Interpretive Summary: Carbon metabolism in photosynthetic systems is poorly understood; however to meet a growing population will require increased productivity from plant systems that are the primary source of food, feed and many renewable chemical feed stocks. Growth regulators that govern carbon partitioning and the balance between growth and allocation to storage reserves such as lipids like triacylglycerol (TAG) or starch are important to describe as they control the biomass compositions produced by plants and for example, the yield of vegetable oil that can be obtained. Through genetic screening we identified one mutant that had adverse effects on carbon partitioning including the production of enhanced levels of TAG. This mutant was further characterized through a series of growth studies where the amount of lipid produced was monitored under different circumstances and the production of primary metabolites as well as inositol polyphosphates were quantified with liquid chromatography linked to a tandem mass spectrometer. The analyses indicated that inositol polyphosphates that were altered in the mutant are important to the tradeoff between allocation of resources for growth versus the production of storage metabolites such as lipids. The findings are important because changes in growth and altered composition that include enhanced levels of lipids can lead to higher production of vegetable oils; demand for which is expected to double within the next 20-25 years.

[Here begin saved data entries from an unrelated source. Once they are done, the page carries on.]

Lemma mul_L_sub1_ge : 2 * s <= b * (L - 1).
Proof.
have := b_gt32; have := b_small => ? ?.
rewrite -subr_ge0 (_ : _ - _ = (2 - (b ^+ 3 - 2 * b ^+ 2 + 2 * b)) / (b * (b - 1))); last first.
  by field; rewrite b_neq0 b1_neq0.
by apply: divr_ge0; nra.
Qed.

Lemma twice_inv_lt_L : 2 * s < L.
Proof.
have := inv_le_mul_L_sub_2inv; rewrite -subr_gt0 => le_s.
by rewrite -(pmulr_rgt0 _ b_gt0); apply: lt_le_trans le_s; rewrite invr_gt0.
Qed.

(* The hole f_k^n(H), written as a preimage under f_k^(-n). *)
Definition hole (k : 'I_3) (n : nat) : set (R * R) :=
  iter n (ifs_inv k) @^-1` [set z | forall j, bcoord j z < s].

Lemma hole0_sub_Delta k : hole k 0 `<=` Delta b.
Proof.
move=> z hz; have := twice_inv_lt_L.
have := hz (@Ordinal 3 0 isT); have := hz (@Ordinal 3 1 isT).
have := hz (@Ordinal 3 2 isT); rewrite /bcoord /Delta /=; lra.
Qed.

Lemma central_holeE k : central_hole b = hole k 0.
Proof.
apply/seteqP; split=> [z [Dz notf] j|z hz].
  rewrite ltNge; apply/negP => ge_j; apply: notf; exists j => //.
  by rewrite image_ifs_map_Delta.
split; first exact: hole0_sub_Delta hz.
by move=> [i _]; rewrite image_ifs_map_Delta => -[_] /=; have := hz i; lra.
Qed.

Lemma iter_ifs_map_central_hole k n :
  iter n (ifs_map b k) @` central_hole b = hole k n.
Proof.
by rewrite (central_holeE k) (image_iter_can _ _ (ifs_mapK k) (ifs_invK k)).
Qed.

Lemma hole_iter k m n : hole k (m + n) = iter n (ifs_inv k) @^-1` hole k m.
Proof. by apply/seteqP; split=> z; rewrite /hole /= iterD. Qed.

Lemma hole_succ k n : hole k n.+1 = ifs_inv k @^-1` hole k n.
Proof. by rewrite -addn1 hole_iter. Qed.

Lemma hole_sub_Delta k n : hole k n `<=` Delta b.
Proof.
move=> z hz; rewrite -(iter_can n (ifs_invK k) z).
have := @hole0_sub_Delta k (iter n (ifs_inv k) z) hz.
move: (iter n (ifs_inv k) z) => w Dw.
by elim: n {hz} => [//|n IH]; rewrite iterS; apply: Delta_ifs_map.
Qed.

Lemma hole_bcoord_lt k n z j : hole k n z -> j != k -> bcoord j z < s.
Proof.
move=> hz jk; have := hz j; rewrite bcoord_iter_ifs_inv //.
apply: le_lt_trans; rewrite ler_peMl ?exprn_ege1 ?(ltW b_gt1) //.
by move/Delta_bcoord: (hole_sub_Delta hz).
Qed.

Lemma hole_succ_ge k n z : hole k n.+1 z -> s <= bcoord k z.
Proof.
move=> hz; have Dz := hole_sub_Delta hz; rewrite hole_succ in hz.
exact/(Delta_ifs_inv k Dz)/(hole_sub_Delta hz).
Qed.

Lemma hole_eq_of_meet k n k' n' z : hole k n z -> hole k' n' z -> hole k n = hole k' n'.
Proof.
have hole0_succ k1 k2 m w : hole k1 0 w -> ~ hole k2 m.+1 w.
  by move=> h0 /hole_succ_ge; have := h0 k2; lra.
wlog le_nn' : k n k' n' z / (n <= n')%N.
  move=> gen h h'; have [le|/ltnW le] := leqP n n'; first exact: gen h h'.
  by apply/esym/(gen _ _ _ _ z).
case: n' le_nn' => [|n'] le hz hz'; first by case: n le {hz}.
case: n le hz => [|n] le hz; first by have := hole0_succ _ _ _ _ hz hz'.
have [kk'|kk'] := eqVneq k k'; last first.
  by move: (hole_bcoord_lt hz' kk'); rewrite ltNge (hole_succ_ge hz).
subst k'.
have [->//|ne_nn'] := eqVneq n n'.
have lt_nn' : (n < n')%N by rewrite ltn_neqAle ne_nn' -ltnS.
have hz0 : hole k 0 (iter n.+1 (ifs_inv k) z) by rewrite -[n.+1]add0n hole_iter in hz.
move: hz'; rewrite (_ : n'.+1 = (n' - n.+1).+1 + n.+1)%N; last by rewrite addSn subnK.
by rewrite hole_iter => hz'; case: (hole0_succ _ _ _ _ hz0 hz').
Qed.

Definition hole_bounds (t x y : R) := [/\ t * x < s, t * y < s & L - s < t * (x + y)].

Lemma hole_bounds_of_hole k n z j : hole k n z -> j != k ->
  hole_bounds (b ^+ n) (bcoord j z) (L - bcoord k z - bcoord j z).
Proof.
move=> hz jk; have [l el] := bcoord_third (iter n (ifs_inv k) z) jk.
have := hz k; have := hz j; have := hz l.
rewrite el (bcoord_iter_ifs_inv _ _ jk) bcoord_iter_ifs_inv_id.
by split; lra.
Qed.

Lemma hole_bounds_two_levels_absurd n m x y z : x + y + z = L - 1 ->
  hole_bounds (b ^+ n.+1) x y -> hole_bounds (b ^+ m.+1) z y -> False.
Proof.
move=> xyz [nx ny nxy] [mz my mzy].
have := twice_inv_lt_L; have := inv_le_mul_L_sub_2inv => ? ?.
have lt_absurd p q : (p < q)%N -> L - 2 * s < b ^+ p.+1 * y -> b ^+ q.+1 * y < s -> False.
  move=> pq py qy; have bp0 : 0 < b ^+ p.+1 := exprn_gt0 _ b_gt0.
  have y0 : 0 < y by rewrite -(pmulr_rgt0 _ bp0); lra.
  have : b * (b ^+ p.+1 * y) <= b ^+ q.+1 * y.
    by rewrite mulrA -exprS; apply: ler_wpM2r; [exact: ltW|rewrite ler_eXn2l // ltnS].
  have : b * (L - 2 * s) < b * (b ^+ p.+1 * y) by rewrite ltr_pM2l.
  lra.
(* Distinct levels contradict s <= b (L - 2 s), equal levels the bounds on
   b (L - 1) and b^2 (L - 1). *)
case: (ltngtP n m) => [nm|mn|eq_nm]; first (by apply: lt_absurd nm _ my; lra);
  first by apply: lt_absurd mn _ ny; lra.
subst m.
have := mul_L_sub1_le; have := sqr_mul_L_sub1_ge; have := mul_L_sub1_ge => ? ? ?.
case: n => [|n] in nx ny nxy mz my mzy *.
  rewrite expr1 in nx ny nxy mz my mzy.
  have : b * (L - 1) = b * (x + y) + b * z by rewrite -xyz; ring.
  lra.
have L1 : 0 <= L - 1.
  rewrite -(pmulr_rge0 _ b_gt0); apply: le_trans mul_L_sub1_ge.
  by rewrite mulr_ge0 // invr_ge0 ltW.
have : b ^+ 2 * (L - 1) <= b ^+ n.+2 * (L - 1) by apply: ler_wpM2r; rewrite // ler_eXn2l.
have : b ^+ n.+2 * (L - 1) = b ^+ n.+2 * x + b ^+ n.+2 * y + b ^+ n.+2 * z.
  by rewrite -xyz; ring.
lra.
Qed.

Technical Abstract: The networks that govern carbon metabolism and control intracellular carbon partitioning in photosynthetic cells are poorly understood. Target of rapamycin (TOR) kinase is a conserved growth regulator that integrates nutrient signals and modulates cell growth in eukaryotes, though the TOR signaling pathway in plants and algae has yet to be completely elucidated. We screened the unicellular green alga Chlamydomonas using insertional mutagenesis to find mutants that conferred hypersensitivity to the TOR inhibitor rapamycin. We characterized one mutant, vip1-1, that is predicted to encode a conserved inositol hexakisphosphate kinase from the VIP family that pyrophosphorylates phytic acid (IP6) to produce the low abundance signaling molecules IP7 and IP8. Unexpectedly, the rapamycin hypersensitive growth arrest of vip1-1 cells was dependent on the presence of external acetate which normally has a growth-stimulatory effect on Chlamydomonas. vip1-1 mutants also constitutively overaccumulated triacylglycerols (TAGs) in a manner that was additive with other TAG inducing stimuli such as starvation. vip1-1 cells had reduced IP7 and IP8, both of which are dynamically modulated in wild-type cells by TOR kinase activity and the presence of acetate. Our data uncover a new interaction between the TOR kinase and inositol polyphosphate signaling systems that we propose govern carbon metabolism and intracellular pathways that lead to storage lipid accumulation.